_Exercise aim_. Take the line that contains "(Halpha : 0 <= alpha < 1/8)" as the first line and the final line of the records as the last; return exactly those lines and the lines between.

[Collection entries]
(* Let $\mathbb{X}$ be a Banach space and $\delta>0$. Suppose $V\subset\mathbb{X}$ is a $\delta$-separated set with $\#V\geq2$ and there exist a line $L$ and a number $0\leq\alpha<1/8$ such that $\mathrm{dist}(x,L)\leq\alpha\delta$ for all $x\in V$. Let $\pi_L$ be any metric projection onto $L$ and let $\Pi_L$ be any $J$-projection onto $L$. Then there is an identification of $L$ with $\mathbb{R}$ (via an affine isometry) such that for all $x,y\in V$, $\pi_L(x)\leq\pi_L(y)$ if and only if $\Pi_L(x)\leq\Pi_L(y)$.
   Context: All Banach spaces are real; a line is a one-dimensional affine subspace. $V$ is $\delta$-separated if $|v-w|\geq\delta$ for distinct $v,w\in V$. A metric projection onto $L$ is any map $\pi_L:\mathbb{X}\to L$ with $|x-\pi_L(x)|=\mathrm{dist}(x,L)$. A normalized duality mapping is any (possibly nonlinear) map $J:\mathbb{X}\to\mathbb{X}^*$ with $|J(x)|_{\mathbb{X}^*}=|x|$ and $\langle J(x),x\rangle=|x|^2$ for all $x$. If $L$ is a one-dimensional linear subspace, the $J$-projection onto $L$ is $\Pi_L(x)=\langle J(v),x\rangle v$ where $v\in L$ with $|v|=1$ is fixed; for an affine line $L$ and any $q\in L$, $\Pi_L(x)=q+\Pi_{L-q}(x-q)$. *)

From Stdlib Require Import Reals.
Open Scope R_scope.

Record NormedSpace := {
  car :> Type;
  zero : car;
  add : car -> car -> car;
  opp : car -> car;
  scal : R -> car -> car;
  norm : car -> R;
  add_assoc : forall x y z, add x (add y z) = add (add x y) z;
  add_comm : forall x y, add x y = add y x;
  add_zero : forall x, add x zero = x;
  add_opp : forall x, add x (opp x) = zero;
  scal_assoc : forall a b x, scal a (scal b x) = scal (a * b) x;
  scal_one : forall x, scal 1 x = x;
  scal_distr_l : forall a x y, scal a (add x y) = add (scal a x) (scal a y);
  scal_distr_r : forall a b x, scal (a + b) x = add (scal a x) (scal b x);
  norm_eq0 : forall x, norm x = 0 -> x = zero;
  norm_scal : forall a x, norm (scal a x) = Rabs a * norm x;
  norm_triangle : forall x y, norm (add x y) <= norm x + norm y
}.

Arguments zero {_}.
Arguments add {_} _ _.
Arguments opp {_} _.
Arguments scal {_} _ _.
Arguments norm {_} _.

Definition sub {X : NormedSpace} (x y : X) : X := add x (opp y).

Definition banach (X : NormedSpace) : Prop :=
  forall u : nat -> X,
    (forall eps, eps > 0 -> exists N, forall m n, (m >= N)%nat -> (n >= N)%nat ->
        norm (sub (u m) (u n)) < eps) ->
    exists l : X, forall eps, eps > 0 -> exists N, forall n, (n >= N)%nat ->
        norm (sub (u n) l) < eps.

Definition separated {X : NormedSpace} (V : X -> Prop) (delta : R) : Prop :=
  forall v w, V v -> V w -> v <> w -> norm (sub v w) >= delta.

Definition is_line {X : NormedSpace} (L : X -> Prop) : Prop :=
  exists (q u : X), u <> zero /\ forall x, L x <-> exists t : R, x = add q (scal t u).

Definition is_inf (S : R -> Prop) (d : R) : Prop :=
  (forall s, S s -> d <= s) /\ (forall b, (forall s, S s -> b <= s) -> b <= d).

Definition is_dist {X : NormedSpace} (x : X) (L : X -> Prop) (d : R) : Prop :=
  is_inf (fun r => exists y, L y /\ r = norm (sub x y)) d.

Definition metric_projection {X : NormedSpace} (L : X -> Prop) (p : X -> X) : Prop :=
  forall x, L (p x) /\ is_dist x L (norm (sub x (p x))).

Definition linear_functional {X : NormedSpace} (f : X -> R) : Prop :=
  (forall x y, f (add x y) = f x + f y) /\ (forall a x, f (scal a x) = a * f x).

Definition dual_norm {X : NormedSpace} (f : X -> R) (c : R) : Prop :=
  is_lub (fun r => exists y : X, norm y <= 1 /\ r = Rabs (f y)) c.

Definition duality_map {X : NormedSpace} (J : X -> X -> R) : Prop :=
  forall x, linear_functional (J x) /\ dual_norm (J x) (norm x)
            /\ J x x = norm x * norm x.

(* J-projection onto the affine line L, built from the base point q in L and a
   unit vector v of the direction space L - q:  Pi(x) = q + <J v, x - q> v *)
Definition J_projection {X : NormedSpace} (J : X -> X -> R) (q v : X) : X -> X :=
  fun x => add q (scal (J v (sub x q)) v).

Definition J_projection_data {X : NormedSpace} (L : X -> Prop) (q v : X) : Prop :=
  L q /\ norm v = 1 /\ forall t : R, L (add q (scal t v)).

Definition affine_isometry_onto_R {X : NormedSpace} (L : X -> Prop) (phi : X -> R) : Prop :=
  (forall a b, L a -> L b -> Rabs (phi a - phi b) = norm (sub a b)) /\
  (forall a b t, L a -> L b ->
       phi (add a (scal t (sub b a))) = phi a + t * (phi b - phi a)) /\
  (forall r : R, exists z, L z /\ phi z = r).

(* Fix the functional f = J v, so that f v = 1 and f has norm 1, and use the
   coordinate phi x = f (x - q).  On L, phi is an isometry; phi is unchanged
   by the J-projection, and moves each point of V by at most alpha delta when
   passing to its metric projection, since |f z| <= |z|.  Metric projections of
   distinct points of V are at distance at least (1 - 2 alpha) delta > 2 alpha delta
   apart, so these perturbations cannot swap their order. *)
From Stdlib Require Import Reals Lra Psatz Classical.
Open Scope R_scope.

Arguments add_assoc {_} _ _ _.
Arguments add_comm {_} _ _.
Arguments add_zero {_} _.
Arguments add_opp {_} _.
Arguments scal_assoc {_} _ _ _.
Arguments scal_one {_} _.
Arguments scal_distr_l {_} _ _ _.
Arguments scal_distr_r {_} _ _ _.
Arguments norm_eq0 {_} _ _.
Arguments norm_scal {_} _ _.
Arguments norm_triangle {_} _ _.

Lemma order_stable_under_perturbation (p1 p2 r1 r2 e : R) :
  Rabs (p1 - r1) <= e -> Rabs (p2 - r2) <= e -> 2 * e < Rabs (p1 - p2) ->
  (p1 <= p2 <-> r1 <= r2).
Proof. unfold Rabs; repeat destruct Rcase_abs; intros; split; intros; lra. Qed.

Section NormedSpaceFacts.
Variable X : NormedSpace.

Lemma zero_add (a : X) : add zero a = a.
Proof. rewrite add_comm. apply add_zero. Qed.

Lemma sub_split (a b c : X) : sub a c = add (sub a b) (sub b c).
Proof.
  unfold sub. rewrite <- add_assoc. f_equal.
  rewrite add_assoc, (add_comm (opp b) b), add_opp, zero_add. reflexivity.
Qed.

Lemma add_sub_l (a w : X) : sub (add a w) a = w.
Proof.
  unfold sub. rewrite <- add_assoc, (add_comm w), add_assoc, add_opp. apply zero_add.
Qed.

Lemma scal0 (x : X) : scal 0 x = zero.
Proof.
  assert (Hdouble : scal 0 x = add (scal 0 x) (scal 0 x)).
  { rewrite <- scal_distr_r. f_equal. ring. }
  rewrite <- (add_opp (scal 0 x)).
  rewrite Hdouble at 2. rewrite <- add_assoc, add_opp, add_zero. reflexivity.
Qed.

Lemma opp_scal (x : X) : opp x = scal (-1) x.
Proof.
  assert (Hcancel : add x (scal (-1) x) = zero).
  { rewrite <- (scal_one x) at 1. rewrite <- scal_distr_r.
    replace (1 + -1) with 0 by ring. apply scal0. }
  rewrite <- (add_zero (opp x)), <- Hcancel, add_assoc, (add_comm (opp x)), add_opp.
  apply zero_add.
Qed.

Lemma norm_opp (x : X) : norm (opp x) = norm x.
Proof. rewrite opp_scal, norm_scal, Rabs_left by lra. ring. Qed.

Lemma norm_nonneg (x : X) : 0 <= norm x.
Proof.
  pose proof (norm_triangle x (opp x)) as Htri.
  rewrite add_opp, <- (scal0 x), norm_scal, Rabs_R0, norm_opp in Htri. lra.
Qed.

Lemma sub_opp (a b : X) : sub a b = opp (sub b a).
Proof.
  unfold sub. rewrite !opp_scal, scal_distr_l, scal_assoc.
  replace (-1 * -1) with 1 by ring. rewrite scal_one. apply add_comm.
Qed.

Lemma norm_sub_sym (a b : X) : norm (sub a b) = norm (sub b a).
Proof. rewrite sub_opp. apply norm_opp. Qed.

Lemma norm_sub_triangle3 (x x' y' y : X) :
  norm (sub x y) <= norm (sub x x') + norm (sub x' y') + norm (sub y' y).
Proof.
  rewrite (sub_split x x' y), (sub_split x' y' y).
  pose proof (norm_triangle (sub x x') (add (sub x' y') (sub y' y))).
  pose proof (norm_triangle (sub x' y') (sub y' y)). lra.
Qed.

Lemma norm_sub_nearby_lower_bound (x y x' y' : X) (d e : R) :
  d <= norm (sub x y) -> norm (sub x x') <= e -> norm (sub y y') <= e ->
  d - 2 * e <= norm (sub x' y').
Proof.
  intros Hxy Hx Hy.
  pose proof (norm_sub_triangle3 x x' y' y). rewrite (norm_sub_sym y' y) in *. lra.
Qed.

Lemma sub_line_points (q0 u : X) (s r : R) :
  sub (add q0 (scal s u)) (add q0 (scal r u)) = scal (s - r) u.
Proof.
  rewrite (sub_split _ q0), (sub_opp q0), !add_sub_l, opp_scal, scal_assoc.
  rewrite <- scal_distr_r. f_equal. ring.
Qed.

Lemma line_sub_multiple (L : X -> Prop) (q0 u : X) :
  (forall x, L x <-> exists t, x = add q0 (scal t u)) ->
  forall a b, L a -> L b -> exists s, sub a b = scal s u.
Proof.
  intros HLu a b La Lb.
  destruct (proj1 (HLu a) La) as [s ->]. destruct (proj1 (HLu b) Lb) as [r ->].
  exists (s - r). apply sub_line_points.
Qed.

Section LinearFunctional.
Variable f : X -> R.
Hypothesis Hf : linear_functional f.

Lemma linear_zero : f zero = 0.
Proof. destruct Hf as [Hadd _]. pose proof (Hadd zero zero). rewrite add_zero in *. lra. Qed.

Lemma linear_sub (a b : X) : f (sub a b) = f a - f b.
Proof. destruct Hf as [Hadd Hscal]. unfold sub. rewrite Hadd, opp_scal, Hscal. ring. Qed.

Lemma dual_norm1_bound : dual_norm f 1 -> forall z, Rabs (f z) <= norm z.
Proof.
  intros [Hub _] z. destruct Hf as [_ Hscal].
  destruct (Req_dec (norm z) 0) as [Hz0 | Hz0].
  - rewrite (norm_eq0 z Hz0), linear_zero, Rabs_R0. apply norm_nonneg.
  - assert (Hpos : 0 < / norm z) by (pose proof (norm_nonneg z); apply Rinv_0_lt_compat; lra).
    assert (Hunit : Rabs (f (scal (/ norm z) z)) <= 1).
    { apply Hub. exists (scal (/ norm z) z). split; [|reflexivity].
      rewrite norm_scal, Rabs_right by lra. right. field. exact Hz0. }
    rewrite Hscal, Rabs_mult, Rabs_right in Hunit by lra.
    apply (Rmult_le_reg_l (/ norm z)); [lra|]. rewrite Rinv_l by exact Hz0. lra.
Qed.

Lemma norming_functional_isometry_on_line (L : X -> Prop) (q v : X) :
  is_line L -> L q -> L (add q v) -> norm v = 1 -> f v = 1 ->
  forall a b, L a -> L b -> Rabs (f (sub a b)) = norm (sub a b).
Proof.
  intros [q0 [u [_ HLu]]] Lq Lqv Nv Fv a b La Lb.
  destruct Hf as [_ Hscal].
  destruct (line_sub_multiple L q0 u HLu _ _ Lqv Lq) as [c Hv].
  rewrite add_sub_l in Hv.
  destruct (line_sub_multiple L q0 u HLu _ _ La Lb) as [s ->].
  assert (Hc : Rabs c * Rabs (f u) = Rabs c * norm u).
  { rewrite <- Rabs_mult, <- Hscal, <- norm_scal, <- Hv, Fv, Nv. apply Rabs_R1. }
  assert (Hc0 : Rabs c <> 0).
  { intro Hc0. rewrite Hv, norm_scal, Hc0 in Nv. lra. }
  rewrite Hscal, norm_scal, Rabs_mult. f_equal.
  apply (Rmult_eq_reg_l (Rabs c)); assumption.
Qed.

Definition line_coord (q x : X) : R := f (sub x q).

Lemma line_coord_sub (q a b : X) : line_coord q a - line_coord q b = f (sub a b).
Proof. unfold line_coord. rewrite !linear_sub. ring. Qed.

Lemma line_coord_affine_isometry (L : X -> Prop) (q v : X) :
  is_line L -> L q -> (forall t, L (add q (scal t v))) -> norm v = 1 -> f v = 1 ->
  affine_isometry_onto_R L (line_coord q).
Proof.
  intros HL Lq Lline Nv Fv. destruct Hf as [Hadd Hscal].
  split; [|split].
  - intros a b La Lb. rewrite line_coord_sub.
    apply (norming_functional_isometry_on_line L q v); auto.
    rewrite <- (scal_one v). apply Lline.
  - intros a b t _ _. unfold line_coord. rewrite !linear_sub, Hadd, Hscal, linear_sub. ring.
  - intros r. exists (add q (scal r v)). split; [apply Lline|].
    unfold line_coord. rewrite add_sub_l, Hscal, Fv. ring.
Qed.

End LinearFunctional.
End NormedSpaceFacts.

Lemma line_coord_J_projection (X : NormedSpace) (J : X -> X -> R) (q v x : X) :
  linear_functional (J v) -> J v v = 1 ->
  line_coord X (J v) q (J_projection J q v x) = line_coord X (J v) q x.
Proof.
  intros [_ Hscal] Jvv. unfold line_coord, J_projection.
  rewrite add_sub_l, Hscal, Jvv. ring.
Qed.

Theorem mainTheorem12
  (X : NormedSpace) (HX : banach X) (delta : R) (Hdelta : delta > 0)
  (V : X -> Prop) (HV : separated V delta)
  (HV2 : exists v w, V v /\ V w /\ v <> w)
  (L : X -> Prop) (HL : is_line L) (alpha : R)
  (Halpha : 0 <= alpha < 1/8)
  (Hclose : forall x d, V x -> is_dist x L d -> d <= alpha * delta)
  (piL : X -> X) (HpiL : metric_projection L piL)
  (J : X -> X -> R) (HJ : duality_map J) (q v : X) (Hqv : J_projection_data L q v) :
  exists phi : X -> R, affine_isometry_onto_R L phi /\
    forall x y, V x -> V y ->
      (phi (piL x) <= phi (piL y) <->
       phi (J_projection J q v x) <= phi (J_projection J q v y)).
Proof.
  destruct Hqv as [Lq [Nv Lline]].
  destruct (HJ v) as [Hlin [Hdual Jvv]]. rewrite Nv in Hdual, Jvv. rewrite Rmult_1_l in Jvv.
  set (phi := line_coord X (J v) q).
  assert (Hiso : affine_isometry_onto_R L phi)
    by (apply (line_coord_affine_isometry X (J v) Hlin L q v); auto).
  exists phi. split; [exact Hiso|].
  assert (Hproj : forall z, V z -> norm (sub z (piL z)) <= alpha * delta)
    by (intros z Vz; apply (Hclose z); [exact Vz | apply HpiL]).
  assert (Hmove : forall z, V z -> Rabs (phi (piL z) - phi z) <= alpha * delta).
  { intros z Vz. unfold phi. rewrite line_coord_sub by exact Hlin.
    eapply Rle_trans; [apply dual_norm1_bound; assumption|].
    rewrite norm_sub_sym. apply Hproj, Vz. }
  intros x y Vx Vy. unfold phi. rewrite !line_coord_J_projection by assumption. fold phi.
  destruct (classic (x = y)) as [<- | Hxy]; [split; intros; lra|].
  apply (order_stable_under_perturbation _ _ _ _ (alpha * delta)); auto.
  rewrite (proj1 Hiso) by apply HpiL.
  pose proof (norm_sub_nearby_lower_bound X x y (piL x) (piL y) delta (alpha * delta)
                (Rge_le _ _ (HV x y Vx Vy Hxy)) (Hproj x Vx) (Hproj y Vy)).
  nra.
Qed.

_Result_.
  (Halpha : 0 <= alpha < 1/8)
  (Hclose : forall x d, V x -> is_dist x L d -> d <= alpha * delta)
  (piL : X -> X) (HpiL : metric_projection L piL)
  (J : X -> X -> R) (HJ : duality_map J) (q v : X) (Hqv : J_projection_data L q v) :
  exists phi : X -> R, affine_isometry_onto_R L phi /\
    forall x y, V x -> V y ->
      (phi (piL x) <= phi (piL y) <->
       phi (J_projection J q v x) <= phi (J_projection J q v y)).
Proof.
  destruct Hqv as [Lq [Nv Lline]].
  destruct (HJ v) as [Hlin [Hdual Jvv]]. rewrite Nv in Hdual, Jvv. rewrite Rmult_1_l in Jvv.
  set (phi := line_coord X (J v) q).
  assert (Hiso : affine_isometry_onto_R L phi)
    by (apply (line_coord_affine_isometry X (J v) Hlin L q v); auto).
  exists phi. split; [exact Hiso|].
  assert (Hproj : forall z, V z -> norm (sub z (piL z)) <= alpha * delta)
    by (intros z Vz; apply (Hclose z); [exact Vz | apply HpiL]).
  assert (Hmove : forall z, V z -> Rabs (phi (piL z) - phi z) <= alpha * delta).
  { intros z Vz. unfold phi. rewrite line_coord_sub by exact Hlin.
    eapply Rle_trans; [apply dual_norm1_bound; assumption|].
    rewrite norm_sub_sym. apply Hproj, Vz. }
  intros x y Vx Vy. unfold phi. rewrite !line_coord_J_projection by assumption. fold phi.
  destruct (classic (x = y)) as [<- | Hxy]; [split; intros; lra|].
  apply (order_stable_under_perturbation _ _ _ _ (alpha * delta)); auto.
  rewrite (proj1 Hiso) by apply HpiL.
  pose proof (norm_sub_nearby_lower_bound X x y (piL x) (piL y) delta (alpha * delta)
                (Rge_le _ _ (HV x y Vx Vy Hxy)) (Hproj x Vx) (Hproj y Vy)).
  nra.
Qed.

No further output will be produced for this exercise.